### [DATA TO PROCESS]
(* Let $a$ be a nonzero even integer, $x\in\mathbb Z\setminus\{0\}$, $\sigma\in\{1,-1\}$, $r\in\mathbb Q\setminus\{0\}$, and suppose that $$\alpha= r\left(\frac{x+\sqrt{x^2+4\sigma}}{2}\right)^{a}$$ is a positive irrational real number. Then there is a constant $C=C(\alpha)>0$ such that $\delta_{\min}^{(\alpha)}(N)\le C/N$ for all integers $N\ge2$. (For example, this applies to $\alpha=(3+\sqrt5)/2$.)
   Context: For irrational $\alpha>0$, the numbers $\alpha m^2+n^2$ with integers $m,n\ge 1$ are pairwise distinct; list them in increasing order as $0<\lambda_1<\lambda_2<\cdots$. For $N\ge 2$ define $\delta_{\min}^{(\alpha)}(N)=\min\{\lambda_{i+1}-\lambda_i : 1\le i<N\}$. *)

From Stdlib Require Import Reals QArith Qreals ZArith Lia Lra ClassicalEpsilon.
Open Scope R_scope.

Definition spec_set (alpha : R) (v : R) : Prop :=
  exists m n : nat, (1 <= m)%nat /\ (1 <= n)%nat /\
    v = alpha * (INR m) ^ 2 + (INR n) ^ 2.

Definition is_increasing_enum (alpha : R) (f : nat -> R) : Prop :=
  (forall i j : nat, (1 <= i)%nat -> (i < j)%nat -> f i < f j) /\
  (forall v : R, spec_set alpha v <-> exists i : nat, (1 <= i)%nat /\ f i = v).

(* lambda_ alpha i = lambda_i : the increasing enumeration (chosen by Hilbert's
   epsilon; it is unique whenever it exists). *)
Definition lambda_ (alpha : R) : nat -> R :=
  epsilon (inhabits (fun _ : nat => 0)) (is_increasing_enum alpha).

Fixpoint min_gap (f : nat -> R) (k : nat) : R :=
  match k with
  | O => f 2%nat - f 1%nat          (* unused default *)
  | S O => f 2%nat - f 1%nat
  | S k' => Rmin (min_gap f k') (f (S k) - f k)
  end.

(* delta_min^(alpha)(N) = min { lambda_{i+1} - lambda_i : 1 <= i < N }, N >= 2. *)
Definition delta_min (alpha : R) (N : nat) : R := min_gap (lambda_ alpha) (N - 1).

From Stdlib Require Import Reals QArith Qreals ZArith Lia Lra List ClassicalEpsilon.
Open Scope R_scope.

(* Since [a] is even, [alpha = (p/q) rho^(2e)] for some [e : Z], where [rho > 1] is the
   unit [(|x| + sqrt(x^2 + 4 sigma))/2] with conjugate [rho' = -sigma/rho], and the Lucas
   numbers [L_n = rho^n + rho'^n] are integers. As [L_(n+2)^2 - L_n^2] factors as
   [(L_(n+2) - L_n) (L_(n+2) + L_n)] with both factors of size [rho^n], sixteen times it
   is [m^2 - m'^2] with [m, m' = O(rho^n)]. Shifting indices so that the main terms
   cancel, [alpha q (L_(k+i+2)^2 - L_(k+i)^2) - p (L_(k+j+2)^2 - L_(k+j)^2)] is
   [O(rho^(-2k))], and it is nonzero because [alpha] is irrational. This yields two
   distinct numbers [alpha m^2 + p'^2] and [alpha m'^2 + p^2] of the set, of size
   [O(rho^(2k))], at distance [O(rho^(-2k))]. Since at most [N] elements of the set lie
   below [min(alpha, 1) N], such pairs at every scale give [delta_min(N) = O(1/N)]. *)

Lemma list_has_min (l : list R) :
  l <> nil -> exists w, In w l /\ forall w', In w' l -> w <= w'.
Proof.
  induction l as [|x l IH]; intros hl; [congruence|].
  destruct l as [|y l'].
  - exists x; split; [left; reflexivity|]. intros w' [<-|[]]; lra.
  - destruct IH as [w [hw hmin]]; [discriminate|].
    destruct (Rle_dec x w) as [hxw|hxw].
    + exists x; split; [left; reflexivity|].
      intros w' [<-|hw']; [lra|]. specialize (hmin _ hw'); lra.
    + exists w; split; [right; exact hw|].
      intros w' [<-|hw']; [lra|auto].
Qed.

Lemma NoDup_map_increasing (f : nat -> R) (a K : nat) :
  (forall i j, (a <= i)%nat -> (i < j)%nat -> f i < f j) -> NoDup (map f (seq a K)).
Proof.
  revert a; induction K as [|K IH]; intros a hf; simpl; constructor.
  - intros hin. apply in_map_iff in hin as [j [e hj]]. apply in_seq in hj.
    assert (f a < f j) by (apply hf; lia). lra.
  - apply IH. intros; apply hf; lia.
Qed.

Lemma Rle_div_of_mul_le (x y z : R) : 0 < z -> x * z <= y -> x <= y / z.
Proof.
  intros hz hxy. apply (Rmult_le_reg_r z); [exact hz|].
  unfold Rdiv. rewrite Rmult_assoc, Rinv_l, Rmult_1_r; lra.
Qed.

Lemma exists_pow_bracket (beta c y : R) :
  1 < beta -> 0 < c -> c <= y -> exists k, c * beta ^ k <= y < c * beta ^ S k.
Proof.
  intros hb hc hy.
  destruct (Pow_x_infinity beta ltac:(rewrite Rabs_right; lra) (y / c + 1)) as [K hK].
  specialize (hK K (le_n K)). rewrite Rabs_right in hK by (apply Rle_ge, pow_le; lra).
  assert (hyK : y < c * beta ^ K).
  { replace y with (c * (y / c)) by (field; lra). apply Rmult_lt_compat_l; lra. }
  assert (bracket_or_below : forall n,
    (exists k, c * beta ^ k <= y < c * beta ^ S k) \/ c * beta ^ n <= y).
  { induction n as [|n [hex|hn]]; [right; simpl; lra|left; exact hex|].
    destruct (Rlt_dec y (c * beta ^ S n)); [left; exists n; lra|right; lra]. }
  destruct (bracket_or_below K) as [hex|hK']; [exact hex|lra].
Qed.

Lemma min_gap_le (f : nat -> R) (k l : nat) :
  (1 <= l)%nat -> (l <= k)%nat -> min_gap f k <= f (S l) - f l.
Proof.
  induction k as [|k IH]; intros h1 h2; [lia|].
  destruct k as [|k].
  - replace l with 1%nat by lia. simpl. lra.
  - change (min_gap f (S (S k)))
      with (Rmin (min_gap f (S k)) (f (S (S (S k))) - f (S (S k)))).
    destruct (Nat.eq_dec l (S (S k))) as [->|hne]; [apply Rmin_r|].
    eapply Rle_trans; [apply Rmin_l|]. apply IH; lia.
Qed.

Section Spectrum.

Variable alpha : R.
Hypothesis alpha_pos : 0 < alpha.

Let mu := Rmin alpha 1.

Lemma mu_pos : 0 < mu.
Proof. unfold mu, Rmin; destruct Rle_dec; lra. Qed.

Lemma spec_set_pos (v : R) : spec_set alpha v -> 0 < v.
Proof.
  intros [m [n [hm [hn ->]]]].
  assert (1 <= INR n) by (apply (le_INR 1); lia). nra.
Qed.

Definition spec_box (B : nat) : list R :=
  map (fun p => alpha * INR (fst p) ^ 2 + INR (snd p) ^ 2)
      (list_prod (seq 1 B) (seq 1 B)).

Lemma length_spec_box (B : nat) : length (spec_box B) = (B * B)%nat.
Proof. unfold spec_box. rewrite length_map, length_prod, length_seq. reflexivity. Qed.

Lemma spec_set_of_spec_box (B : nat) (w : R) : In w (spec_box B) -> spec_set alpha w.
Proof.
  intros hw. apply in_map_iff in hw as [[m n] [<- hmn]].
  apply in_prod_iff in hmn as [hm hn]. apply in_seq in hm, hn.
  exists m, n. simpl. repeat split; lia.
Qed.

### [WHAT YOU ARE ASKED TO DO]
Could you retype exactly the lines above from the one containing "Lemma spec_set_of_spec_box (B" through the last line of the records, both included, and nothing else?

### [TASK RESULT]
Lemma spec_set_of_spec_box (B : nat) (w : R) : In w (spec_box B) -> spec_set alpha w.
Proof.
  intros hw. apply in_map_iff in hw as [[m n] [<- hmn]].
  apply in_prod_iff in hmn as [hm hn]. apply in_seq in hm, hn.
  exists m, n. simpl. repeat split; lia.
Qed.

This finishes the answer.